Continuing his analysis of fraternal bonds, Balcerzak’s final chapter compares changes in the construction of masculinity in the decade leading up to America’s entry into the Second World War. His analyses of Wheeler and Woolsey’s comedy Half Shot at Sunrise (1930) and the Abbott and Costello vehicle Buck Privates (1940) traces Hollywood’s shift towards increasingly conservative representations of homosocial relations in the armed forces. While Wheeler and Woolsey’s First World War soldiers mock rank and revel in sexual frivolity, Abbott and Costello’s film focuses on the recently introduced peacetime draft, issuing a rallying call to national service that is presented as a masculine rite of passage as, in between the hijinks, its protagonists are transformed from a motley crew of softies into a disciplined team of toughened privates.
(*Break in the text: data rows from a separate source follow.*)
Lemma lattice_tail_nonneg s x d : 0 < s -> 0 < d -> 0 <= lattice_tail s x d.
Proof.
  intros. unfold lattice_tail. apply Rlt_le, Rdiv_lt_0_compat.
  - apply Rmult_lt_0_compat; [lra| apply exp_pos].
  - pose proof (exp_gt_1 (d * s) ltac:(nra)). lra.
Qed.

Lemma lattice_tail_step s x g d d' : 0 < s -> 0 < d -> 0 < d' -> d <= g -> d' <= g ->
  d' * exp (- ((x + g) * s)) + lattice_tail s (x + g) d' <= lattice_tail s x d.
Proof.
  intros Hs Hd Hd' Hg Hg'. unfold lattice_tail.
  set (e := exp (- (x * s))). set (E := exp (- (g * s))).
  set (P := exp (d' * s)). set (Pd := exp (d * s)).
  assert (Ee : exp (- ((x + g) * s)) = e * E)
    by (unfold e, E; rewrite <- exp_plus; f_equal; ring).
  rewrite Ee.
  assert (He : 0 < e) by apply exp_pos.
  assert (HE : 0 < E) by apply exp_pos.
  assert (HP : 1 < P) by (apply exp_gt_1; nra).
  assert (HPd : 1 < Pd) by (apply exp_gt_1; nra).
  assert (Key : d' * E * P * (Pd - 1) <= d * (P - 1)).
  { pose proof (exchange_ineq (d * s) (d' * s) (g * s)) as X.
    replace (exp (d' * s - g * s)) with (P * E) in X
      by (unfold P, E; rewrite <- exp_plus; f_equal; ring).
    apply Rmult_le_reg_l with s; [exact Hs|].
    fold Pd P in X. specialize (X ltac:(nra) ltac:(nra) ltac:(nra) ltac:(nra)). nra. }
  assert (E1 : d * e / (Pd - 1) - (d' * (e * E) + d' * (e * E) / (P - 1))
             = e * (d * (P - 1) - d' * E * P * (Pd - 1)) / ((P - 1) * (Pd - 1)))
    by (field; lra).
  assert (0 <= e * (d * (P - 1) - d' * E * P * (Pd - 1)) / ((P - 1) * (Pd - 1))).
  { apply Rmult_le_pos; [apply Rmult_le_pos; lra|]. left. apply Rinv_0_lt_compat. nra. }
  lra.
Qed.

Lemma inv_exp_sub_1_expand u K : 0 < u ->
  1 / (exp u - 1)
  = sum1 K (fun j => exp (- (INR j * u))) + exp (- (INR K * u)) / (exp u - 1).
Proof.
  intros Hu. pose proof (exp_gt_1 u Hu).
  induction K as [|K IH].
  - simpl. rewrite Rmult_0_l, Ropp_0, exp_0. lra.
  - rewrite IH, sum1_S, S_INR.
    assert (E : exp (- (INR K * u)) = exp (- ((INR K + 1) * u)) * exp u)
      by (rewrite <- exp_plus; f_equal; ring).
    rewrite E. field. lra.
Qed.

(* [int_texp c S = ∫_0^S s e^{-cs} ds] and [int_exp c S = ∫_0^S e^{-cs} ds]; for
   [c > 0] they increase to [1/c^2] and [1/c] as [S → ∞]. *)
Definition int_texp (c S : R) : R := 1 / c ^ 2 - (S / c + 1 / c ^ 2) * exp (- (c * S)).

Definition int_exp (c S : R) : R := (1 - exp (- (c * S))) / c.

Lemma is_derive_int_texp c s : c <> 0 -> is_derive (int_texp c) s (s * exp (- (c * s))).
Proof. intros Hc. unfold int_texp. auto_derive; [auto| field; auto]. Qed.

Lemma is_derive_int_exp c s : c <> 0 -> is_derive (int_exp c) s (exp (- (c * s))).
Proof. intros Hc. unfold int_exp. auto_derive; [auto| field; auto]. Qed.

Lemma int_texp_0 c : int_texp c 0 = 0.
Proof. unfold int_texp. rewrite Rmult_0_r, Ropp_0, exp_0. unfold Rdiv. ring. Qed.

Lemma int_exp_0 c : int_exp c 0 = 0.
Proof. unfold int_exp. rewrite Rmult_0_r, Ropp_0, exp_0. unfold Rdiv. ring. Qed.

Lemma int_texp_le c S : 0 < c -> 0 <= S -> int_texp c S <= 1 / c ^ 2.
Proof.
  intros Hc HS. unfold int_texp. pose proof (exp_pos (- (c * S))).
  assert (0 <= S / c + 1 / c ^ 2).
  { apply Rplus_le_le_0_compat; [apply Rmult_le_pos; [lra| left; apply Rinv_0_lt_compat; lra]|].
    apply Rlt_le, Rdiv_lt_0_compat; [lra| apply pow_lt; lra]. }
  nra.
Qed.

Lemma int_exp_le c S : 0 < c -> int_exp c S <= 1 / c.
Proof.
  intros Hc. unfold int_exp, Rdiv. pose proof (exp_pos (- (c * S))).
  apply Rmult_le_compat_r; [left; apply Rinv_0_lt_compat|]; lra.
Qed.

Lemma inv_sq_sub_int_texp_le c S : 0 < c -> 1 <= S ->
  1 / c ^ 2 - int_texp c S <= (4 / c ^ 3 + 4 / c ^ 4) / S.
Proof.
  intros Hc HS. unfold int_texp.
  assert (Hy : 0 < c * S) by nra.
  pose proof (exp_ineq1_le (c * S / 2)).
  assert (Hsq : (c * S) ^ 2 / 4 <= exp (c * S)).
  { replace (exp (c * S)) with (exp (c * S / 2) * exp (c * S / 2))
      by (rewrite <- exp_plus; f_equal; field).
    nra. }
  assert (Hexp : exp (- (c * S)) <= 4 / (c * S) ^ 2).
  { rewrite exp_Ropp. replace (4 / (c * S) ^ 2) with (/ ((c * S) ^ 2 / 4)) by (field; lra).
    apply Rinv_le_contravar; [nra| exact Hsq]. }
  assert (0 <= S / c + 1 / c ^ 2).
  { apply Rplus_le_le_0_compat; apply Rlt_le, Rdiv_lt_0_compat; try lra. apply pow_lt; lra. }
  assert ((S / c + 1 / c ^ 2) * exp (- (c * S)) <= (S / c + 1 / c ^ 2) * (4 / (c * S) ^ 2))
    by (apply Rmult_le_compat_l; lra).
  assert (0 < 4 / c ^ 4 / S)
    by (apply Rdiv_lt_0_compat; [apply Rdiv_lt_0_compat; [lra| apply pow_lt; lra]| lra]).
  assert (4 / c ^ 4 / S / S <= 4 / c ^ 4 / S).
  { apply Rmult_le_reg_r with S; [lra|].
    replace (4 / c ^ 4 / S / S * S) with (4 / c ^ 4 / S) by (field; lra). nra. }
  replace ((S / c + 1 / c ^ 2) * (4 / (c * S) ^ 2)) with (4 / c ^ 3 / S + 4 / c ^ 4 / S / S)
    in * by (field; lra).
  replace ((4 / c ^ 3 + 4 / c ^ 4) / S) with (4 / c ^ 3 / S + 4 / c ^ 4 / S) by (field; lra).
  lra.
Qed.
Theorem theorem1p2 (n : nat) (T : finType) (e : rel T) :
  5 <= n -> #|T| = n -> simple_graph e -> connected_graph e ->
  #|edges e| = n.+1 ->
  ((((4 * n - 11)%:R / (2 * n - 5)%:R : rat) <= avm e)%R /\
   (avm e = ((4 * n - 11)%:R / (2 * n - 5)%:R : rat) <-> isomorphic e (theta_rel n))).
Proof.
move=> n_ge5 card_T [esym eirr] conn cardE; subst n.
have [/exists_inP[_ /edgesP[u [v [euv ->]]] cov] | nodom] :=
  boolP [exists X in edges e, vertex_cover e X].
  have [sumAB AB2] := card_nbrs_except esym eirr euv cov conn cardE.
  have A_gt1 : 1 < #|nbrs_except e u v| by rewrite -AB2 subset_leq_card ?subsetIl.
  have B_gt1 : 1 < #|nbrs_except e v u| by rewrite -AB2 subset_leq_card ?subsetIr.
  rewrite (isomorphic_theta_dominating esym eirr euv cov conn cardE (ltnW n_ge5)).
  rewrite (avm_dominating esym eirr euv cov A_gt1 B_gt1) AB2 -sumAB.
  have [le_avm eq_avm] := avm_bound_leif A_gt1 B_gt1.
  by split=> //; rewrite -eq_avm; split=> [->|/eqP->].
have edges_n0 : edges e != set0 by rewrite -card_gt0 cardE.
have avm_gt := lt_le_trans (avm_bound_lt2 (ltnW (ltnW n_ge5))) (avm_ge2 nodom edges_n0).
split; first exact: ltW.
split=> [avmE | /(isomorphic_thetaP e (ltnW n_ge5) erefl)[c [d [x [y shape]]]]].
  by rewrite avmE ltxx in avm_gt.
by have := theta_shape_dominating_edge shape; rewrite (negPf nodom).
Qed.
Buffoon Men begins and ends with a discussion of contemporary comedians, arguing that an essential role of the male comic has long been that of a satirist interrogating and problematising contemporary constructions of patriarchal heteromasculinity. Unfortunately, Balcerzak’s concluding chapter is his least compelling, as he attempts an all-too brief summary of popular American comedy since the 1940s that devolves too much into generalisations. His discussion of black comedians is limited to Richard Pryor and Eddie Murphy, the latter described as a “heterosexually aggressive leading man” (195). But Murphy’s early hypermasculine persona typically targeted racial stereotypes and parodied white male insecurity, while Boomerang (1992) conspicuously plays with his persona, satirising his prized virility as it is undermined by an increasing emasculation at the hands of powerful women. Balcerzak also argues that female comedians have rarely enjoyed the levels of success of their male counterparts, and that most breakthrough performances by women have taken place on television. He is dismissive of most female comedians with the exception of such recent Saturday Night Live alumni as Tina Fey, suggesting this new generation of comediennes represent a change in direction for women in comedy as writer/producers. Surprisingly, Balcerzak fails to mention Better Midler in his discussion of popular female comedians. Considering his first case study was focused on Mae West, it seems fitting that he should include a discussion of Midler, especially as the two women share similar backgrounds, honing their talents in exclusively queer environments, and are both popular gay icons. In early December 2013, Variety fell victim to an online hoax when it published an article claiming that Midler was to play Mae West in an HBO biopic to be directed by William Friedkin and written by Harvey Fierstein. The prank successfully generated significant online buzz that generally praised the casting of Midler as West, further demonstrating the similarities between the two stars.
While the scope of Balcerzak’s book is ambitiously broad, each of his case studies is supported by meticulous research and an accessible writing style. It will prove a useful resource for researchers, teachers and students of gender studies, film history and Hollywood comedy.